Ori Heffetz, professor of applied economics at Cornell University’s SC Johnson College of Business, is an expert on consumption and studies the psychological, social and cultural aspects of economic behavior. Heffetz says that when it comes to celebrations, Halloween has become the holiday to show off one’s status.
Heffetz says:
“From a consumer-economics point-of-view, Halloween is unique in at least two ways relative to other holidays. First, in addition to home decorations, which can be reused from year to year (say, like Christmas decorations), Halloween is much more about the costumes. Reusing decorations is relatively easy, but reusing costumes is more difficult, because our children grow fast, and because costumes are often less durable, and kids destroy them quickly.

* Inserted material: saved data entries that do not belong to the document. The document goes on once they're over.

Lemma run_legal_throughout : (forall c, g None c <> None) -> forall x c, g x c <> None.
Proof.
  intros legal x c gxc.
  destruct (locally_finite c) as [k0 [ck0 k0_closed]].
  set (k := nodup (fun u w => excluded_middle_informative (u = w)) k0).
  assert (k_closed : closed_list tinv k).
  { intros d i a dk. apply nodup_In. apply k0_closed. apply nodup_In in dk. exact dk. }
  (* NaC and the distinct final labels of [k] all occur among the labels of [k] at [x]. *)
  assert (counting : length (None :: map (g None) k) <= length (map (g x) k)).
  { apply NoDup_incl_length.
    - constructor.
      + rewrite in_map_iff. intros [d [gd _]]. exact (legal d gd).
      + apply NoDup_map_NoDup_ForallPairs; [|apply NoDup_nodup].
        intros d1 d2 _ _ same. destruct (g None d1) as [v|] eqn:gd1; [|exfalso; exact (legal d1 gd1)].
        exact (run_injective None d1 d2 v gd1 (eq_sym same)).
    - intros w [<-|w_in].
      + rewrite <- gxc. apply in_map, nodup_In, ck0.
      + apply in_map_iff in w_in as [d [<- dk]].
        destruct (g None d) as [v|] eqn:gd; [|exfalso; exact (legal d gd)].
        destruct (run_values_from_earlier k k_closed None x (le_ext_None lt x)
                    d v dk gd) as [d' [d'k gxd']].
        rewrite <- gxd'. apply in_map, d'k. }
  simpl in counting. rewrite !length_map in counting. lia.
Qed.

Lemma run_nac_at_cofinal_twist b y c :
  is_lim lt y -> occurs_cofinally b y -> twist_inv tinv b c <> c -> g y c = None.
Proof.
  intros y_lim cofinal moved. destruct (g y c) as [v|] eqn:gyc; [exfalso|reflexivity].
  destruct (run_lim_defined y c v y_lim gyc) as [a [ay eventually]].
  destruct (cofinal a ay) as [e [sigma_e [ae ey]]].
  destruct (succ_stage_exists lt_wo e) as [z [z_succ z_least]].
  assert (zy : lt_ext lt z y).
  { destruct (z_least y ey) as [<-|zy]; [exfalso; exact (lim_not_succ lt_wo y_lim z_succ)|exact zy]. }
  apply moved, (run_injective (Some e) _ _ v).
  - rewrite <- sigma_e, <- (run_succ z e c z_succ).
    exact (eventually z zy (or_intror (lt_ext_trans lt_wo ae (proj1 z_succ)))).
  - exact (eventually _ ey (or_intror ae)).
Qed.

End Run.

Theorem twist_finite_universally_convergent :
  twist_finite sigma -> universally_convergent tinv lt sigma.
Proof.
  intros tf. destruct run_exists as [g g_run]. exists g; split; [exact g_run|]. intro c.
  destruct (locally_finite c) as [k [ck k_closed]].
  destruct (twist_finite_positions tf (twists_touching k)) as [s s_spec].
  apply (run_defined_on g_run k s k_closed); [|exact ck].
  intros e e_free d dk. apply (twist_inv_fixes_untouched k); [|exact dk].
  intro touching. exact (e_free (s_spec e touching)).
Qed.

Theorem universally_convergent_twist_finite :
  universally_convergent tinv lt sigma -> twist_finite sigma.
Proof.
  intros [g [g_run legal]]. apply NNPP; intro not_tf.
  destruct (not_twist_finite_cofinal not_tf) as [b [y [y_lim cofinal]]].
  destruct (basic_twist_moves b) as [c moved].
  exact (run_legal_throughout g_run legal y c (run_nac_at_cofinal_twist g_run b y c y_lim cofinal moved)).
Qed.

Theorem universally_convergent_iff_twist_finite :
  universally_convergent tinv lt sigma <-> twist_finite sigma.
Proof.
  split; [exact universally_convergent_twist_finite | exact twist_finite_universally_convergent].
Qed.

End TwistSequences.

Lemma preimage_list {A B} (f : A -> B) : Injective f ->
  forall ys : list B, exists xs, forall x, In x xs <-> In (f x) ys.
Proof.
  intros f_inj ys; induction ys as [|y ys [xs xs_spec]]; [exists nil; simpl; tauto|].
  destruct (classic (exists x, f x = y)) as [[x0 <-]|no_preimage].
  - exists (x0 :: xs). intro x; simpl; rewrite xs_spec. split.
    + intros [<-|x_xs]; auto.
    + intros [same|fx_ys]; [left; exact (f_inj _ _ same) | right; exact fx_ys].
  - exists xs. intro x; simpl; rewrite xs_spec. split; [auto|].
    intros [fx_y|fx_ys]; [exfalso; exact (no_preimage (ex_intro _ x (eq_sym fx_y)))|exact fx_ys].
Qed.

Lemma bool_sig_injective {A} (P : A -> bool) :
  Injective (@proj1_sig A (fun x => P x = true)).
Proof. intros u v. apply eq_sig_hprop. intros x p q. apply UIP_dec, bool_dec. Qed.

Lemma cneg_involutive {L} (u : coord L) : cneg (cneg u) = u.
Proof. destruct u; reflexivity. Qed.

Lemma get_rotinv {L} i (p : point L) : get (rotinv i p) i = get p i.
Proof. destruct i; reflexivity. Qed.

Lemma rot_rotinv {L} i (p : point L) : rot i (rotinv i p) = p.
Proof. destruct i, p; simpl; rewrite ?cneg_involutive; reflexivity. Qed.

Lemma rotm_involutive i m : rotm i (rotm i m) = m.
Proof. destruct i, m; reflexivity. Qed.

Lemma qtinv_pt_on_layer {L} i (a : coord L) p : get p i = a -> qtinv_pt i a p = rotinv i p.
Proof. intro pa. unfold qtinv_pt. destruct (decide _); [reflexivity|contradiction]. Qed.

Lemma qtinv_pt_off_layer {L} i (a : coord L) p : get p i <> a -> qtinv_pt i a p = p.
Proof. intro pa. unfold qtinv_pt. destruct (decide _); [contradiction|reflexivity]. Qed.

Lemma dqtinv_pt_off_layer {L} i (a : coord L) pm : get (fst pm) i <> a -> dqtinv_pt i a pm = pm.
Proof. intro pa. unfold dqtinv_pt. destruct (decide _); [contradiction|reflexivity]. Qed.

Lemma qt_qtinv_pt {L} i (a : coord L) p : qt_pt i a (qtinv_pt i a p) = p.
Proof.
  unfold qtinv_pt, qt_pt. destruct (decide (get p i = a)) as [pa|pa].
  - rewrite get_rotinv. destruct (decide (get p i = a)); [apply rot_rotinv|contradiction].
  - destruct (decide (get p i = a)); [contradiction|reflexivity].
Qed.

Lemma dqt_dqtinv_pt {L} i (a : coord L) pm : dqt_pt i a (dqtinv_pt i a pm) = pm.
Proof.
  destruct pm as [p m]. unfold dqtinv_pt, dqt_pt; simpl.
  destruct (decide (get p i = a)) as [pa|pa]; simpl.
  - rewrite get_rotinv. destruct (decide (get p i = a)); [|contradiction].
    rewrite rot_rotinv, rotm_involutive. reflexivity.
  - destruct (decide (get p i = a)); [contradiction|reflexivity].
Qed.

“Second, wearables are among the most socially visible items a family could spend on. This unsurprising observation is confirmed and quantified in my research on expenditure visibility. This could make costumes a child's membership card into some social circles, and the right costume can be an opportunity to display one's status within a group.
“Even if we gave up on the costumes and stuck to decorations, while a family's Christmas tree and many of the related decorations are only visible to those guests who are invited to visit inside the home, Halloween decorations are visible to anyone driving down the street.
“In short, in both decorations and costumes, Halloween is the expenditure-visibility holiday! For some parents this could be a not-to-be-missed opportunity for public display. Other parents may feel that they are reluctantly dragged into this race, or they risk disappointing their children.”